In this notebook we will be exploring the IPPS dataset.

# Imports

In [None]:
%matplotlib inline
import pandas as pd
import numpy as np
import matplotlib.pyplot as plt
import seaborn as sns

In [None]:
data = pd.read_csv('IPPS_2013.csv')

data.head()

The data contains the DRG (diagnosis-related group) definition, information about the provider, the number of discharges for each DRG, and the average covered charges, total payments, and Medicare payments for each DRG for each provider.

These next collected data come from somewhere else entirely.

Lemma Q_after_relax v : (size (kNN st v0) < k)%N -> e v0 v ->
  (size (kNN st v) < k)%N -> seed \notin S st v ->
  exists2 x, Q st' seed v = Some x & x <= dist + w v0 v.
Proof.
move=> kv0 ev0v kv sNS.
rewrite Q_after (edge_neq ev0v) andbF kv0 eqxx ev0v kv sNS /=.
by have [x -> [x_le _]] := decr_or_ins_le (Q st seed v) (dist + w v0 v); exists x.
Qed.

Lemma mem_kNN_after v x s : (x, s) \in kNN st' v ->
  (x, s) \in kNN st v \/ [/\ v = v0, x = dist & s = seed].
Proof.
rewrite kNN_after; case: ifP => [/andP[_ /eqP->]|_]; last by left.
by rewrite mem_rcons inE => /orP[/eqP[-> ->]|]; [right|left].
Qed.

Lemma queue_sound_after s v x : Q st' s v = Some x ->
  [/\ s \in L, s \notin S st' v & (d s v <= x%:E)%E].
Proof.
have [seedL _ d_le] := queue_sound st_inv pop.1.
case/Q_after_cases=> nsv [/(queue_sound st_inv)[sL sNS dsv]|[-> ev0v sNSv ->]].
  split=> //; rewrite S_after; case: ifP => // vv0.
  by rewrite !inE negb_or sNS andbT; apply: contraNneq nsv => ->; rewrite vv0 eqxx.
split=> //; first by rewrite S_after (edge_neq ev0v).
by rewrite EFinD (le_trans (dG_edge_le w_ge0 _ ev0v)) // leeD2r.
Qed.

Lemma source_pending_after s : s \in L ->
  s \in S st' s \/ exists2 x, Q st' s s = Some x & x <= 0.
Proof.
move=> /(source_pending st_inv)[/S_after_mono|[x sx x_le0]]; first by left.
have [/S_after_popped|nss] := boolP ((s == seed) && (s == v0)); first by left.
by right; have [x' sx' x'_le] := Q_after_le sx nss; exists x'; rewrite // (le_trans x'_le).
Qed.

Lemma edge_relaxed_after s u v : s \in S st' u -> s \in NL u -> e u v -> s \in NL v ->
  s \in S st' v \/ exists2 x, Q st' s v = Some x & (x%:E <= d s u + (w u v)%:E)%E.
Proof.
move=> sSu' sNu euv sNv.
have [/S_after_popped|nsv] := boolP ((s == seed) && (v == v0)); first by left.
have [sSu|sNSu] := boolP (s \in S st u).
  case: (edge_relaxed st_inv sSu sNu euv sNv) => [/S_after_mono|[x sx x_le]]; first by left.
  have [x' sx' x'_le] := Q_after_le sx nsv.
  by right; exists x'; rewrite // (le_trans _ x_le) ?lee_fin.
move: sSu'; rewrite S_after; case: ifP => [/eqP uv0|]; last by rewrite (negbTE sNSu).
rewrite !inE (negbTE sNSu) orbF => /eqP sseed; subst s u.
have [seedSv|seedNSv] := boolP (seed \in S st v); first by left; apply: S_after_mono.
have [_ seedNS _] := queue_sound st_inv pop.1.
have [x sx x_le] := Q_after_relax (unvisited_kNN_not_full st_inv sNu seedNS) euv
  (unvisited_kNN_not_full st_inv sNv seedNSv) seedNSv.
by right; exists x; rewrite // -(pop_dist_exact st_inv pop sNu) -EFinD lee_fin.
Qed.

Lemma kNN_uniq_after v : uniq (map snd (kNN st' v)).
Proof.
rewrite kNN_after; case: ifP => [/andP[_ /eqP->]|_]; last exact: (kNN_uniq st_inv).
rewrite map_rcons rcons_uniq (kNN_uniq st_inv) andbT.
have [_ seedNS _] := queue_sound st_inv pop.1.
apply/negP=> /mapP[[x s] /(kNN_sound st_inv)[_ sS _] /= sseed].
by rewrite sseed sS in seedNS.
Qed.

Lemma kNN_sound_after v x s : (x, s) \in kNN st' v ->
  [/\ s \in L, s \in S st' v & (d s v <= x%:E)%E].
Proof.
case/mem_kNN_after=> [/(kNN_sound st_inv)[sL sS ds]|[-> -> ->]].
  by split=> //; apply: S_after_mono.
have [seedL _ d_le] := queue_sound st_inv pop.1.
by split=> //; apply: S_after_popped; rewrite !eqxx.
Qed.

Lemma kNN_before_queue_after v x (s : V) : (x, s) \in kNN st' v ->
  forall s' v' x', Q st' s' v' = Some x' -> lexle x (rk s) x' (rk s').
Proof.
move=> xs s' v' x' /Q_after_cases[_ [s'x'|[-> ev0v' _ ->]]].
  case/mem_kNN_after: xs => [/(kNN_before_queue st_inv)/(_ _ _ _ s'x') //|[_ -> ->]].
  exact: is_pop_lexle pop s'x'.
have lex_new := lexle_addr dist (rk seed) (w_ge0 ev0v').
case/mem_kNN_after: xs => [/(kNN_before_queue st_inv)/(_ _ _ _ pop.1) old|[_ -> ->] //].
exact: lexle_trans old lex_new.
Qed.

Let's try grouping by DRG and looking at how much the charges and payments vary by provider.  We'll first need to convert the strings representing the dollar amounts into numbers.

In [None]:
def str_to_num(s):
    """
    Return a float representing the dollar amount in string s
    String s is of the form '$xxxx.xx'
    """
    return float(s[1:])

data['Average Covered Charges Num'] = data['Average Covered Charges'].apply(str_to_num)
data['Average Total Payments Num'] = data['Average Total Payments'].apply(str_to_num)
data['Average Medicare Payments Num'] = data['Average Medicare Payments'].apply(str_to_num)

In [None]:
drgs = data.groupby('DRG Definition')
cols = ['Average Covered Charges Num', 'Average Total Payments Num', 'Average Medicare Payments Num']

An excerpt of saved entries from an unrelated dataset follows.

(* Let $d\ge1$, $N\ge2$, $\alpha\ge1$, $P=(0,N)^d\cap\mathbb{Z}^d$, and let ALG process an arbitrary finite online sequence of sets $O_1\cap P,\dots,O_m\cap P$, where each $O_j\subseteq(0,N)^d$ is open, $\alpha$-fat, with $O_j\cap P\ne\emptyset$. Let $\mathcal{S}'$ be the set of indices $j$ such that $O_j\cap P$ was not hit (i.e. disjoint from ALG's current set $P'$) at its arrival. Then for every integer $l\ge0$ and every $p\in P$, the number of $j\in\mathcal{S}'$ with $\ell(O_j)=l$ and $p\in O_j$ is at most $(4\alpha+1)^d$.
   Context: A $d$-cube is an axis-parallel hypercube; width = side length. In-width of $O$: supremum of widths of $d$-cubes contained in $O$; out-width: infimum of widths of $d$-cubes containing $O$; a nonempty bounded open $O$ is $\alpha$-fat if out-width$(O)\le\alpha\cdot$in-width$(O)$. For a positive integer $i$, $\ell(i)$ is the largest $k\ge0$ with $2^k\mid i$; for $x\in P$, $\ell(x)=\min_i\ell(x_i)$; $\ell(O)=\max\{\ell(x):x\in O\cap P\}$. Algorithm ALG: start with $P'=\emptyset$; when $O\cap P$ arrives, if $O\cap P'\ne\emptyset$ do nothing, otherwise add to $P'$ all points of $O\cap P$ of level $\ell(O)$. *)

From mathcomp Require Import all_boot.
From mathcomp Require Import boolp.
From Stdlib Require Import Reals.

Set Implicit Arguments.
Unset Strict Implicit.
Unset Printing Implicit Defensive.

Definition pointR (d : nat) := 'I_d -> R.
Definition regionR (d : nat) := pointR d -> Prop.

(* Open in R^d (for the sup-norm balls, which generate the usual topology). *)
Definition openR (d : nat) (O : regionR d) : Prop :=
  forall x, O x -> exists eps : R, (0 < eps)%R /\
    forall y : pointR d, (forall i, Rabs (y i - x i) < eps)%R -> O y.

Definition cube (d : nat) (c : pointR d) (w : R) : regionR d :=
  fun x => forall i, (c i <= x i <= c i + w)%R.

Definition inwidth_set (d : nat) (O : regionR d) : R -> Prop :=
  fun w => (0 <= w)%R /\ exists c, forall x, cube c w x -> O x.
Definition outwidth_set (d : nat) (O : regionR d) : R -> Prop :=
  fun w => (0 <= w)%R /\ exists c, forall x, O x -> cube c w x.

Definition is_glb (E : R -> Prop) (m : R) : Prop :=
  (forall x, E x -> (m <= x)%R) /\ (forall b, (forall x, E x -> (b <= x)%R) -> (b <= m)%R).

Definition in_width (d : nat) (O : regionR d) (a : R) : Prop := is_lub (inwidth_set O) a.
Definition out_width (d : nat) (O : regionR d) (b : R) : Prop := is_glb (outwidth_set O) b.

Definition nonempty_bounded (d : nat) (O : regionR d) : Prop :=
  (exists x, O x) /\ exists B : R, forall x, O x -> forall i, (Rabs (x i) <= B)%R.

Definition fat (d : nat) (alpha : R) (O : regionR d) : Prop :=
  nonempty_bounded O /\ openR O /\
  exists a b, in_width O a /\ out_width O b /\ (b <= alpha * a)%R.

(* Integer grid P = (0,N)^d ∩ Z^d, represented by 'I_d -> nat. *)
Definition gpt (d : nat) := 'I_d -> nat.
Definition inP (d N : nat) (x : gpt d) : Prop := forall i, 0 < x i < N.
Definition toR (d : nat) (x : gpt d) : pointR d := fun i => INR (x i).

Definition ell_nat (i : nat) : nat := logn 2 i.
(* ell(x) = min_i ell(x_i).  (The seed \max_i ell(x_i) is >= every term, so for
   d >= 1 this is exactly the minimum.) *)
Definition ell_pt (d : nat) (x : gpt d) : nat :=
  let seed := \max_(i < d) ell_nat (x i) in
  \big[minn/seed]_(i < d) ell_nat (x i).

Definition ell_set_is (d N : nat) (O : regionR d) (l : nat) : Prop :=
  (exists x, inP N x /\ O (toR x) /\ ell_pt x = l) /\
  (forall x, inP N x -> O (toR x) -> ell_pt x <= l).

Definition hits (d N : nat) (P' : gpt d -> Prop) (O : regionR d) : Prop :=
  exists y, P' y /\ inP N y /\ O (toR y).

Definition alg_step (d N : nat) (P' : gpt d -> Prop) (O : regionR d) : gpt d -> Prop :=
  fun x => P' x \/
    (~ hits N P' O /\ inP N x /\ O (toR x) /\
       forall y, inP N y -> O (toR y) -> ell_pt y <= ell_pt x).

(* ALG's set P' after processing O 0, ..., O (j-1). *)
Fixpoint alg_state (d N : nat) (O : nat -> regionR d) (j : nat) : gpt d -> Prop :=
  match j with
  | 0 => fun _ => False
  | j'.+1 => alg_step N (alg_state N O j') (O j')
  end.

Definition unhit (d N : nat) (O : nat -> regionR d) (j : nat) : Prop :=
  ~ hits N (alg_state N O j) (O j).

From HB Require Import structures.
From mathcomp Require Import all_boot.
From mathcomp Require Import boolp.
From Stdlib Require Import Reals Lra ZArith.

Set Implicit Arguments.
Unset Strict Implicit.
Unset Printing Implicit Defensive.

(* Fix the level l and the grid point p, and let S be the set of
   unhit indices j with ell(O_j) = l and p in O_j.  For every j in S choose a
   grid point q_j of O_j of level l.
   - Distinctness: when O_j arrives unhit, ALG adds all points of O_j of level
     l, so q_k (k > j) cannot lie in O_j, otherwise O_k would be hit; hence
     j |-> q_j is injective on S.
   - Localisation: a cube of width > 2^(l+1) inside (0,N)^d contains a grid
     point of level > l, so in-width(O_j) <= 2^(l+1), and by fatness every
     coordinate of O_j varies by at most alpha * 2^(l+1).  As p lies in every
     O_j, the q_j differ by less than K * 2^l per coordinate, where K is a
     natural number in (4 alpha, 4 alpha + 1].
   - Counting: the coordinates of the q_j are multiples of 2^l, so the
     residues (q_j i / 2^l mod K)_i determine q_j, giving |S| <= K^d.
   The file proves facts about levels, then the real-number and geometric
   estimates, then the property of ALG, then the counting lemma, and finally
   assembles them. *)

(* minn is associative and commutative, so [bigD1] splits the minimum [ell_pt]. *)
HB.instance Definition _ := SemiGroup.isComLaw.Build nat minn minnA minnC.

Lemma ell_pt_le (d : nat) (x : gpt d) (i : 'I_d) : ell_pt x <= ell_nat (x i).
Proof.
by rewrite /ell_pt; set s := \max_(_ < _) _; rewrite (bigD1 i) //= geq_minl.
Qed.

Lemma ell_pt_ge (d : nat) (x : gpt d) (k : nat) :
  0 < d -> (forall i, k <= ell_nat (x i)) -> k <= ell_pt x.
Proof.
move=> d_gt0 k_le; rewrite /ell_pt.
have seed_ge : k <= \max_(i < d) ell_nat (x i).
  exact: leq_trans (k_le (Ordinal d_gt0)) (leq_bigmax (Ordinal d_gt0)).
by apply: (big_rec (fun v => k <= v) seed_ge) => i v _ k_le_v; rewrite leq_min k_le.
Qed.

Lemma pow2_dvd_ell (k n : nat) : 0 < n -> (expn 2 k %| n) = (k <= ell_nat n).
Proof. exact: pfactor_dvdn. Qed.

Lemma level_dvd_coord (d N l : nat) (y : gpt d) (i : 'I_d) :
  inP N y -> l <= ell_pt y -> expn 2 l %| y i.
Proof.
move=> Py l_le; rewrite pow2_dvd_ell; last by case/andP: (Py i).
exact: leq_trans l_le (ell_pt_le y i).
Qed.

Lemma INR_ltn (m n : nat) : (INR m < INR n)%R -> m < n.
Proof. by move/INR_lt/ltP. Qed.

Lemma INR_expn (m n : nat) : INR (expn m n) = (INR m ^ n)%R.
Proof. by elim: n => [//|n IH]; rewrite expnS mult_INR IH. Qed.

Lemma subn_lt_of_INR (a b c : nat) :
  0 < c -> (INR a - INR b < INR c)%R -> a - b < c.
Proof.
move=> c_gt0 lt_c; case: (leqP a b) => [|ba]; first by rewrite -subn_eq0 => /eqP ->.
by apply: INR_ltn; rewrite minus_INR //; apply/leP; exact: ltnW.
Qed.

Definition in_open_box (d N : nat) (O : regionR d) : Prop :=
  forall x, O x -> forall i, (0 < x i < INR N)%R.

Lemma nat_multiple_in_interval (c w W : R) :
  (0 <= c)%R -> (0 < W)%R -> (W <= w)%R -> exists k : nat, (c <= INR k * W <= c + w)%R.
Proof.
move=> c_ge0 W_gt0 W_le_w; have [up_gt up_le] := archimed (c / W).
have cW_ge0 : (0 <= c / W)%R by exact: Rle_mult_inv_pos.
have up_ge0 : (0 <= up (c / W))%Z by apply: le_IZR; lra.
exists (Z.to_nat (up (c / W))); rewrite INR_IZR_INZ Z2Nat.id //.
have cW_W : (c / W * W = c)%R by field; lra.
split; nra.
Qed.

Lemma nat_above (r : R) : (0 <= r)%R -> exists K : nat, (r < INR K <= r + 1)%R.
Proof.
move=> r_ge0; have [up_gt up_le] := archimed r.
have up_ge0 : (0 <= up r)%Z by apply: le_IZR; lra.
by exists (Z.to_nat (up r)); rewrite INR_IZR_INZ Z2Nat.id //; lra.
Qed.

(* A region inside (0,N)^d all of whose grid points have level <= l has
   in-width <= 2^(l+1): a wider cube contains a grid point whose coordinates
   are all positive multiples of 2^(l+1), i.e. a point of level > l. *)
Lemma in_width_le_level (d N l : nat) (O : regionR d) (a : R) :
  0 < d -> in_open_box N O ->
  (forall x, inP N x -> O (toR x) -> ell_pt x <= l) ->
  in_width O a -> (a <= INR (expn 2 l.+1))%R.
Proof.
move=> d_gt0 O_box O_level [_ a_lub]; apply: a_lub => w [w_ge0 [c cube_in_O]].
apply: Rnot_lt_le; set W := INR (expn 2 l.+1) => W_lt_w.
have W_gt0 : (0 < W)%R by apply: lt_0_INR; apply/ltP; rewrite expn_gt0.
have c_gt0 i : (0 < c i)%R.
  by apply: (proj1 (O_box c (cube_in_O c _) i)) => j; lra.
have /choice [k k_in] : forall i, exists k : nat, (c i <= INR k * W <= c i + w)%R.
  by move=> i; apply: nat_multiple_in_interval => //; apply: Rlt_le.
pose x : gpt d := fun i => k i * expn 2 l.+1.
have Ox : O (toR x) by apply: cube_in_O => i; rewrite /toR /x mult_INR; exact: k_in.
have Px : inP N x.
  by move=> i; have [x_gt0 x_ltN] := O_box _ Ox i; rewrite !INR_ltn.
have level_gt : l < ell_pt x.
  apply: ell_pt_ge => // i; rewrite -pow2_dvd_ell ?dvdn_mull //.
  by case/andP: (Px i).
by have := O_level x Px Ox; rewrite leqNgt level_gt.
Qed.

Lemma fat_coord_spread (d : nat) (alpha W : R) (O : regionR d) (x y : pointR d) (i : 'I_d) :
  (0 <= alpha)%R -> fat alpha O -> (forall a, in_width O a -> (a <= W)%R) ->
  O x -> O y -> (x i - y i <= alpha * W)%R.
Proof.
move=> alpha_ge0 [_ [_ [a [b [a_in [b_out b_le]]]]]] a_le Ox Oy.
have spread_le_b : (x i - y i <= b)%R.
  apply: (proj2 b_out) => w [_ [c O_in_cube]].
  by have := O_in_cube _ Ox i; have := O_in_cube _ Oy i; lra.
by have := a_le a a_in; nra.
Qed.

Lemma level_coord_spread (d N l : nat) (alpha : R) (O : regionR d) (x y : pointR d)
    (i : 'I_d) :
  0 < d -> (0 <= alpha)%R -> in_open_box N O ->
  fat alpha O -> ell_set_is N O l -> O x -> O y ->
  (x i - y i <= alpha * INR (expn 2 l.+1))%R.
Proof.
move=> d_gt0 alpha_ge0 O_box O_fat [_ O_level]; apply: fat_coord_spread => // a.
exact: in_width_le_level d_gt0 O_box O_level.
Qed.

Lemma common_point_spread (d N l K : nat) (alpha : R) (O1 O2 : regionR d)
    (p x y : gpt d) (i : 'I_d) :
  0 < d -> (1 <= alpha)%R -> (4 * alpha < INR K)%R ->
  in_open_box N O1 -> in_open_box N O2 -> fat alpha O1 -> fat alpha O2 ->
  ell_set_is N O1 l -> ell_set_is N O2 l ->
  O1 (toR p) -> O2 (toR p) -> O1 (toR x) -> O2 (toR y) -> x i - y i < K * expn 2 l.
Proof.
move=> d_gt0 alpha_ge1 K_gt O1_box O2_box O1_fat O2_fat level1 level2 O1p O2p O1x O2y.
have alpha_ge0 : (0 <= alpha)%R by lra.
have U_gt0 : (0 < INR (expn 2 l))%R by apply: lt_0_INR; apply/ltP; rewrite expn_gt0.
apply: subn_lt_of_INR; first by rewrite muln_gt0 expn_gt0 andbT; apply: INR_ltn; rewrite /=; lra.
have := level_coord_spread i d_gt0 alpha_ge0 O1_box O1_fat level1 O1x O1p.
have := level_coord_spread i d_gt0 alpha_ge0 O2_box O2_fat level2 O2p O2y.
rewrite /toR expnS !mult_INR (_ : INR 2 = 2%R) // => spread_p_y spread_x_p; nra.
Qed.

Lemma alg_state_mono (d N : nat) (O : nat -> regionR d) (j k : nat) (x : gpt d) :
  j <= k -> alg_state N O j x -> alg_state N O k x.
Proof.
elim: k => [|k IH]; first by rewrite leqn0 => /eqP ->.
by rewrite leq_eqVlt => /orP [/eqP -> //| j_lt] /(IH j_lt); left.
Qed.

(* When O_j of level l arrives unhit, ALG adds all its grid points of level l;
   so such a point cannot lie in a later region O_k that arrives unhit. *)
Lemma unhit_later_avoids (d N : nat) (O : nat -> regionR d) (j k l : nat) (q : gpt d) :
  j < k -> unhit N O j -> unhit N O k -> ell_set_is N (O j) l ->
  inP N q -> O k (toR q) -> ell_pt q = l -> ~ O j (toR q).
Proof.
move=> j_lt_k unhit_j unhit_k [_ Oj_level] Pq Okq q_level Ojq.
apply: unhit_k; exists q; split=> //; apply: (alg_state_mono j_lt_k).
by right; do 3!split=> //; move=> y Py Oy; rewrite q_level; apply: Oj_level.
Qed.

Lemma inj_of_later_avoid (m : nat) (T : Type) (S : {set 'I_m}) (A : 'I_m -> T -> Prop)
    (q : 'I_m -> T) :
  (forall j, j \in S -> A j (q j)) ->
  (forall j k, j \in S -> k \in S -> j < k -> ~ A j (q k)) -> {in S &, injective q}.
Proof.
move=> qA avoid j k jS kS qjk; case: (ltngtP j k) => [jk|kj|/val_inj //].
- by case: (avoid j k jS kS jk); rewrite -qjk; apply: qA.
- by case: (avoid k j kS jS kj); rewrite qjk; apply: qA.
Qed.

Lemma eq_mod_window (K a b : nat) : a = b %[mod K] -> a - b < K -> b - a < K -> a = b.
Proof.
wlog b_le_a : a b / b <= a.
  by move=> hw; case: (leqP b a) => [|/ltnW] ab ? ? ?; [|apply/esym]; apply: hw.
move=> /eqP; rewrite eqn_mod_dvd // => K_dvd ab_lt _.
have : a - b == 0.
  by rewrite eqn0Ngt; apply/negP => /dvdn_leq/(_ K_dvd); rewrite leqNgt ab_lt.
by rewrite subn_eq0 => a_le_b; apply/eqP; rewrite eqn_leq a_le_b.
Qed.

(* Lattice pigeonhole: distinct points whose coordinates are multiples of U and
   pairwise differ by less than K * U are determined by their coordinates
   divided by U taken modulo K; so there are at most K^d of them. *)
Lemma card_spread_lattice (I : finType) (S : {set I}) (d U K : nat) (q : I -> gpt d) :
  0 < U -> 0 < K -> {in S &, injective q} ->
  (forall j, j \in S -> forall i, U %| q j i) ->
  (forall j k, j \in S -> k \in S -> forall i, q j i - q k i < K * U) ->
  #|S| <= expn K d.
Proof.
move=> U_gt0 K_gt0 q_inj U_dvd spread.
pose f j : {ffun 'I_d -> 'I_K} := [ffun i => Ordinal (ltn_pmod (q j i %/ U) K_gt0)].
have f_inj : {in S &, injective f}.
  move=> j k jS kS fjk; apply: q_inj => //; apply: funext => i.
  have := congr1 (fun g : {ffun 'I_d -> 'I_K} => val (g i)) fjk; rewrite !ffunE /= => mod_eq.
  rewrite -(divnK (U_dvd j jS i)) -(divnK (U_dvd k kS i)); congr (_ * _).
  by apply: eq_mod_window mod_eq _ _; rewrite -(ltn_pmul2r U_gt0) mulnBl !divnK ?U_dvd ?spread.
rewrite -(card_in_imset f_inj); apply: leq_trans (max_card _) _.
by rewrite card_ffun !card_ord.
Qed.

Theorem mainTheorem6 (d N m : nat) (alpha : R) (O : nat -> regionR d) :
  1 <= d -> 2 <= N -> (1 <= alpha)%R ->
  (forall j, j < m ->
     [/\ forall x : pointR d, O j x -> forall i, (0 < x i < INR N)%R,
         fat alpha (O j)
       & exists x : gpt d, inP N x /\ O j (toR x)]) ->
  forall (l : nat) (p : gpt d), inP N p ->
    (INR #|[set j : 'I_m | `[< unhit N O j /\ ell_set_is N (O j) l /\ O j (toR p) >]]|
       <= (4 * alpha + 1) ^ d)%R.
Proof.
move=> d_gt0 _ alpha_ge1 O_ok l p Pp.
set S := [set j : 'I_m | _].
have inS j : j \in S -> [/\ unhit N O j, ell_set_is N (O j) l & O j (toR p)].
  by rewrite inE => /asboolP [? []].
have /choice [q q_spec] : forall j : 'I_m, exists y : gpt d,
    j \in S -> [/\ inP N y, O j (toR y) & ell_pt y = l].
  move=> j; case: (boolP (j \in S)) => [/inS [_ [[y [? [? ?]]] _] _] | _].
  - by exists y.
  - by exists (fun _ => 0).
have q_inj : {in S &, injective q}.
  apply: (@inj_of_later_avoid _ _ _ (fun j y => O j (toR y))) => [j /q_spec [] //|].
  move=> j k jS kS jk; have [unhit_j level_j _] := inS j jS.
  have [unhit_k _ _] := inS k kS; have [Pq Oq level_q] := q_spec k kS.
  exact: unhit_later_avoids jk unhit_j unhit_k level_j Pq Oq level_q.
have [K [K_gt K_le]] : exists K : nat, (4 * alpha < INR K <= 4 * alpha + 1)%R.
  by apply: nat_above; lra.
have K_gt0 : 0 < K by apply: INR_ltn; rewrite /=; lra.
have spread j k : j \in S -> k \in S -> forall i, q j i - q k i < K * expn 2 l.
  move=> jS kS i; have [_ level_j Ojp] := inS j jS; have [_ level_k Okp] := inS k kS.
  have [Oj_box Oj_fat _] := O_ok j (ltn_ord j); have [Ok_box Ok_fat _] := O_ok k (ltn_ord k).
  have [_ Ojq _] := q_spec j jS; have [_ Okq _] := q_spec k kS.
  exact: common_point_spread d_gt0 alpha_ge1 K_gt Oj_box Ok_box Oj_fat Ok_fat
    level_j level_k Ojp Okp Ojq Okq.
have card_S : #|S| <= expn K d.
  apply: card_spread_lattice (expn_gt0 2 l) K_gt0 q_inj _ spread.
  by move=> j /q_spec [Pq _ level_q] i; apply: level_dvd_coord Pq _; rewrite level_q.
apply: Rle_trans (le_INR _ _ (leP card_S)) _; rewrite INR_expn.
by apply: pow_incr; split; [exact: pos_INR | lra].
Qed.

n = 10  # Limit the number to show
i = 1
plt.figure(figsize=(20,60))
for drg_name,drg in drgs:
    for j,col in enumerate(cols):
        plt.subplot(n, 3, i)
        drg[col].hist(bins=25)
        xmin, xmax = plt.xlim()
        plt.xlim(0, xmax)
        plt.xlabel('Amount ($)')
        plt.ylabel('Count')
        plt.legend([col])
        if j == 1:
            plt.title(drg_name)
        i += 1
    if i > n * len(cols):
        break


It looks like there's a common trend of the distributions being skewed to the right.  This makes sense to some extent because things cannot cost a negative amount of money.  It also appears that the covered charges are pretty significantly higher than the total payments or medicare payments.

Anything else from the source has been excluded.